YOUR GOAL:
Among the records that follow, set down only the lines from the one containing "move=> t_perm /andP[t01 t1_path]." to the one containing "have : x0 \in", both included, exactly.

[Stored items]
# # # #

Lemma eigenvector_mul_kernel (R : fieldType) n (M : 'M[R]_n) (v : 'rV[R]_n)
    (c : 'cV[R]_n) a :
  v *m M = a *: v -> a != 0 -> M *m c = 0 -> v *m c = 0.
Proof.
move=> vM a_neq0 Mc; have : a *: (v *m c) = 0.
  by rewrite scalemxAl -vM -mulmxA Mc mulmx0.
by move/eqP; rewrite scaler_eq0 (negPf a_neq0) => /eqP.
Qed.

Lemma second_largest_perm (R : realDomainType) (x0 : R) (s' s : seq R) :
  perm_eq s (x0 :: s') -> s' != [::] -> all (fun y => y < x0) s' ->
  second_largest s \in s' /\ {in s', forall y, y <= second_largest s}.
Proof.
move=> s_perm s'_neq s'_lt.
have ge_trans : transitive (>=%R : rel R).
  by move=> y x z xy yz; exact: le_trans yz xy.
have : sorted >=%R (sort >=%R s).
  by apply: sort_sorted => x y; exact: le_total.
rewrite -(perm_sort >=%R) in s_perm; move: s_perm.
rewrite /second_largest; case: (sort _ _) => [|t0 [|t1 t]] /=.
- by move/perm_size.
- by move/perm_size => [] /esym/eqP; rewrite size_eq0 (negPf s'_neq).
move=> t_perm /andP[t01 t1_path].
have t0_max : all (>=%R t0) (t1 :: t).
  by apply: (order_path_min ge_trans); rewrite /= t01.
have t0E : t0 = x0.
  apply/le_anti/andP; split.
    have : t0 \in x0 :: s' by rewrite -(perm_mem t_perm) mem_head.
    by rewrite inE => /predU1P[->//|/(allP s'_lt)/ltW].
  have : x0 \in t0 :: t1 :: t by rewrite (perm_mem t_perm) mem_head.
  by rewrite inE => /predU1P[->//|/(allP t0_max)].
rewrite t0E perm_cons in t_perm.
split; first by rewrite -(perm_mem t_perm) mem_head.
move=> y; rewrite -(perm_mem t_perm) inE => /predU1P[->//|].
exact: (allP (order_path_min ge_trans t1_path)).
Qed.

# # # #

RESPONSE FOR THIS EXERCISE:
move=> t_perm /andP[t01 t1_path].
have t0_max : all (>=%R t0) (t1 :: t).
  by apply: (order_path_min ge_trans); rewrite /= t01.
have t0E : t0 = x0.
  apply/le_anti/andP; split.
    have : t0 \in x0 :: s' by rewrite -(perm_mem t_perm) mem_head.
    by rewrite inE => /predU1P[->//|/(allP s'_lt)/ltW].
  have : x0 \in t0 :: t1 :: t by rewrite (perm_mem t_perm) mem_head.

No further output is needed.